In-hospital 28-day mortality was significantly lower in the aspirin group (10.2% aspirin vs 11.8% no aspirin), resulting in significantly lower risk-adjusted mortality (odds ratio [OR], 0.85; 95% CI, 0.79-0.92; P < .001) (Figure 2). The relative mortality reduction of 13.6% and the absolute mortality reduction of 1.6% suggested that 63 patients would need to be treated with early aspirin to prevent 1 in-hospital death. In the sensitivity analysis with an E-value, we found that an unexplained confounder would need to be associated with both aspirin and in-hospital mortality at a risk ratio of 1.4 to make the hazard ratio equal to 1 and overturn the association between early aspirin and 28-day in-hospital mortality (E-value, 1.4; upper confidence limit, 1.3). The rate of in-hospital PE was significantly lower in the aspirin group (1.0% vs 1.4%; OR, 0.71; 95% CI, 0.56-0.90; P = .004), and DVT occurred in 1.0% of patients in both groups (OR, 1.00; 95% CI, 0.78-1.28; P = .98) (Table 2).

Hemorrhagic Complications

There were no significant differences in the rate of gastrointestinal hemorrhage (0.8% aspirin vs 0.7% no aspirin; OR, 1.04; 95% CI, 0.82-1.33; P = .72), cerebral hemorrhage (0.6% aspirin vs 0.4% no aspirin; OR, 1.32; 95% CI, 0.92-1.88; P = .13), or blood transfusion (2.7% aspirin vs 2.3% no aspirin; OR, 1.14; 95% CI, 0.99-1.32; P = .06).

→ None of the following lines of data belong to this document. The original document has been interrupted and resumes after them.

Lemma derivs_on_lincomb a b m N (c : nat -> C) (f F : nat -> _) :
  (forall j, (j <= N)%nat -> derivs_on a b m (f j) (F j)) ->
  derivs_on a b m (lincomb N c f) (fun i => lincomb N c (fun j => F j i)).
Proof.
  unfold lincomb. induction N as [|N IH]; intros H.
  - eapply derivs_on_ext;
      [|eapply derivs_on_eqon; [|exact (derivs_on_scal _ _ _ _ _ (c O) (H O (le_n _)))]].
    + intros i Hi x Hx. rewrite sum_O. reflexivity.
    + intros x Hx. rewrite sum_O. reflexivity.
  - eapply derivs_on_ext; [|eapply derivs_on_eqon; [|exact (derivs_on_plus _ _ _ _ _ _ _
        (IH (fun j Hj => H j ltac:(lia)))
        (derivs_on_scal _ _ _ _ _ (c (S N)) (H (S N) (le_n _))))]].
    + intros i Hi x Hx. rewrite sum_Sn. reflexivity.
    + intros x Hx. rewrite sum_Sn. reflexivity.
Qed.

Lemma derivs_on_mult_exists a b m : forall u v U V,
  derivs_on a b m u U -> derivs_on a b m v V ->
  exists W, derivs_on a b m (fun x => u x * v x)%C W.
Proof.
  induction m as [|m IH]; intros u v U V HU HV.
  - exists (fun _ x => u x * v x)%C. split; [intros x Hx; reflexivity|]. intros j Hj. lia.
  - destruct (IH (U 1%nat) v (fun j => U (S j)) V (derivs_on_shift _ _ _ _ _ HU)
                 (derivs_on_le _ _ _ m _ _ (Nat.le_succ_diag_r m) HV)) as [W1 H1].
    destruct (IH u (V 1%nat) U (fun j => V (S j))
                 (derivs_on_le _ _ _ m _ _ (Nat.le_succ_diag_r m) HU)
                 (derivs_on_shift _ _ _ _ _ HV)) as [W2 H2].
    eexists. eapply derivs_on_cons; [|exact (derivs_on_plus _ _ _ _ _ _ _ H1 H2)].
    intros x Hx. apply is_deriv_on_mult; eapply derivs_on_first; eauto.
Qed.

Lemma derivs_on_inv_exists a b m f F : derivs_on a b m f F ->
  (forall y, inI a b y -> f y <> 0) ->
  exists R, derivs_on a b m (fun x => / f x)%C R.
Proof.
  intros HF Hnz.
  enough (Hk : forall k, (k <= m)%nat -> exists R, derivs_on a b k (fun x => / f x)%C R)
    by exact (Hk m (le_n m)).
  induction k as [|k IH]; intros Hk.
  - exists (fun _ x => / f x)%C. split; [intros x Hx; reflexivity|]. intros j Hj. lia.
  - destruct IH as [R HR]; [lia|].
    destruct m as [|m]; [lia|].
    pose proof (derivs_on_le _ _ _ _ _ _ (le_S_n _ _ Hk) (derivs_on_shift _ _ _ _ _ HF)) as HF1.
    destruct (derivs_on_mult_exists _ _ _ _ _ _ _ HR HR) as [W HW].
    destruct (derivs_on_mult_exists _ _ _ _ _ _ _ HF1 HW) as [W2 HW2].
    eexists. eapply derivs_on_cons; [|exact (derivs_on_scal _ _ _ _ _ (Copp 1) HW2)].
    intros x Hx. eapply is_deriv_on_ext; [exact Hx|intros y Hy; reflexivity|].
    replace (Copp 1 * (F 1%nat x * (/ f x * / f x)))%C with (- (F 1%nat x * (/ f x * / f x)))%C
      by ring.
    apply is_deriv_on_inv; auto. eapply derivs_on_first; eauto.
Qed.

Lemma derivs_on_mult_vanish a b c : a < b -> inI a b c ->
  forall k m u v U V W, (k <= m)%nat ->
  derivs_on a b m u U -> derivs_on a b m v V ->
  derivs_on a b m (fun x => u x * v x)%C W ->
  (forall i, (i < k)%nat -> U i c = 0) ->
  (forall i, (i < k)%nat -> W i c = 0) /\ W k c = (U k c * v c)%C.
Proof.
  intros Hab Hc k. induction k as [|k IH]; intros m u v U V W Hk HU HV HW HZ.
  - split; [intros; lia|]. destruct HW as [W0 _], HU as [U0 _]. rewrite W0, U0; auto.
  - destruct m as [|m]; [lia|].
    pose proof (derivs_on_le _ _ _ _ _ _ (Nat.le_succ_diag_r m) HU) as HU'.
    pose proof (derivs_on_le _ _ _ _ _ _ (Nat.le_succ_diag_r m) HV) as HV'.
    destruct (derivs_on_mult_exists _ _ _ _ _ _ _ (derivs_on_shift _ _ _ _ _ HU) HV') as [X HX].
    destruct (derivs_on_mult_exists _ _ _ _ _ _ _ HU' (derivs_on_shift _ _ _ _ _ HV)) as [Y HY].
    assert (W1 : eqon a b (W 1%nat) (fun x => U 1%nat x * v x + u x * V 1%nat x)%C).
    { intros x Hx. apply (is_deriv_on_unique a b (fun x => u x * v x)%C x); auto.
      - eapply derivs_on_first; eauto.
      - apply is_deriv_on_mult; eapply derivs_on_first; eauto. }
    (* Leibniz: the derivatives of [u v] are those of [u' v + u v'], shifted by one. *)
    pose proof (derivs_on_unique _ _ _ _ _ _ Hab
                  (derivs_on_eqon _ _ _ _ _ _ W1 (derivs_on_shift _ _ _ _ _ HW))
                  (derivs_on_plus _ _ _ _ _ _ _ HX HY)) as EW.
    destruct (IH m _ _ _ _ X ltac:(lia) (derivs_on_shift _ _ _ _ _ HU) HV' HX) as [X0 X1].
    { intros i Hi. apply HZ. lia. }
    destruct (IH m _ _ _ _ Y ltac:(lia) HU' (derivs_on_shift _ _ _ _ _ HV) HY) as [Y0 Y1].
    { intros i Hi. apply HZ. lia. }
    split.
    + intros [|i] Hi.
      * destruct HW as [W0 _], HU as [U0 _]. rewrite W0, <- U0, HZ by (auto; lia). ring.
      * rewrite EW, X0, Y0 by (auto; lia). ring.
    + rewrite EW, X1, Y1, (HZ k) by (auto; lia). ring.
Qed.

Definition order_at (G : nat -> R -> C) (c : R) (k : nat) : Prop :=
  (forall i, (i < k)%nat -> G i c = 0) /\ G k c <> 0.

Lemma zero_order_table a b m f G c k : a < b -> inI a b c -> (k <= m)%nat ->
  derivs_on a b m f G -> zero_order a b f c k -> order_at G c k.
Proof.
  intros Hab Hc Hk HG [g [Hg [Z N]]].
  pose proof (derivs_on_unique a b k f G g Hab (derivs_on_le _ _ _ _ _ _ Hk HG) Hg) as E.
  split.
  - intros i Hi. rewrite E by (auto; lia). auto.
  - rewrite E by auto. auto.
Qed.
(** * Sign of the first non-vanishing derivative *)

Definition right_deriv (h : R -> R) (c l : R) : Prop :=
  forall eps, 0 < eps -> exists d, 0 < d /\ forall x, c < x < c + d ->
    Rabs ((h x - h c) / (x - c) - l) < eps.
Definition left_deriv (h : R -> R) (c l : R) : Prop :=
  forall eps, 0 < eps -> exists d, 0 < d /\ forall x, c - d < x < c ->
    Rabs ((h x - h c) / (x - c) - l) < eps.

The composite of hemorrhagic complications did not occur more often in those receiving aspirin (3.7% aspirin vs 3.2% no aspirin; OR, 1.13; 95% CI, 1.00-1.28; P = .054).

Subgroup Analysis

The association between early aspirin and decreased mortality was greater in patients older than 60 years (F statistic = 10.8; P for interaction = .001) and in patients with at least 1 comorbidity (F statistic = 20.2; P for interaction <.001). This was consistent after subgroup balancing, and patients receiving early aspirin between ages 18 and 40 years and 41 and 60 years did not have lower odds of mortality. However, patients between ages 61 and 80 years (OR, 0.79; 95% CI, 0.72-0.87; P < .001) and older than 80 years (OR, 0.79; 95% CI, 0.69-0.91; P < .001) receiving early aspirin had lower odds of mortality. In patients without comorbidities, there was no association between early aspirin and mortality (OR, 0.99; 95% CI, 0.80-1.23; P = .96), whereas in those with 1, 2, 3, and more than 3 comorbidities receiving early aspirin, there were lower odds of mortality (1 comorbidity: 6.4% vs 9.2%; OR, 0.68; 95% CI, 0.55-0.83; P < .001; 2 comorbidities: 10.5% vs 12.8%; OR, 0.80; 95% CI, 0.69-0.93; P = .003; 3 comorbidities: 13.8% vs 17.0%, OR, 0.78; 95% CI, 0.68-0.89; P < .001; >3 comorbidities: 17.0% vs 21.6%; OR, 0.74; 95% CI, 0.66-0.84; P < .001). (Figure 3).

Discussion

In this cohort study of 112 269 patients with moderately severe COVID-19, treatment with early aspirin was associated with significantly lower odds of 28-day in-hospital mortality and PE. Despite the availability of effective vaccines in wealthy nations, COVID-19 continues to cause more than 65 000 deaths per week worldwide, highlighting the need for accessible, inexpensive therapies in those who are not vaccinated.2

Prior Studies

Our findings are consistent with several prior observational studies of hospitalized patients.3,4,7,20 The first pilot study, the Collaborative Registry to Understand the Sequelae of Harm in COVID-19 (CRUSH-COVID),3 found that the composite exposure of prehospital and in-hospital aspirin use within the first 24 hours of admission was associated with decreased in-hospital mortality (adjusted hazard ratio, 0.53; 95% CI, 0.31-0.90; P = .02).3 In a study of 12 600 veterans, there were lower odds of 30-day all-cause mortality in those who received aspirin as an outpatient (OR, 0.38; 95% CI, 0.33-0.45).4 The COVID-19 Analysis to Assess the Mortality Impact of Antiplatelet Regimens at North American Centers (CATAMARAN) study7 found that, in 17 347 propensity-matched patients, prehospital antiplatelet therapy was associated with a 2.6% absolute reduction in mortality (adjusted hazard ratio, 0.81; 95% CI, 0.76-0.87; P < .005) and PE (2.2% antiplatelet therapy vs 3.0% no antiplatelet therapy; P = .002).7 These observational studies, although intriguing, could not establish causality and were prone to residual confounding.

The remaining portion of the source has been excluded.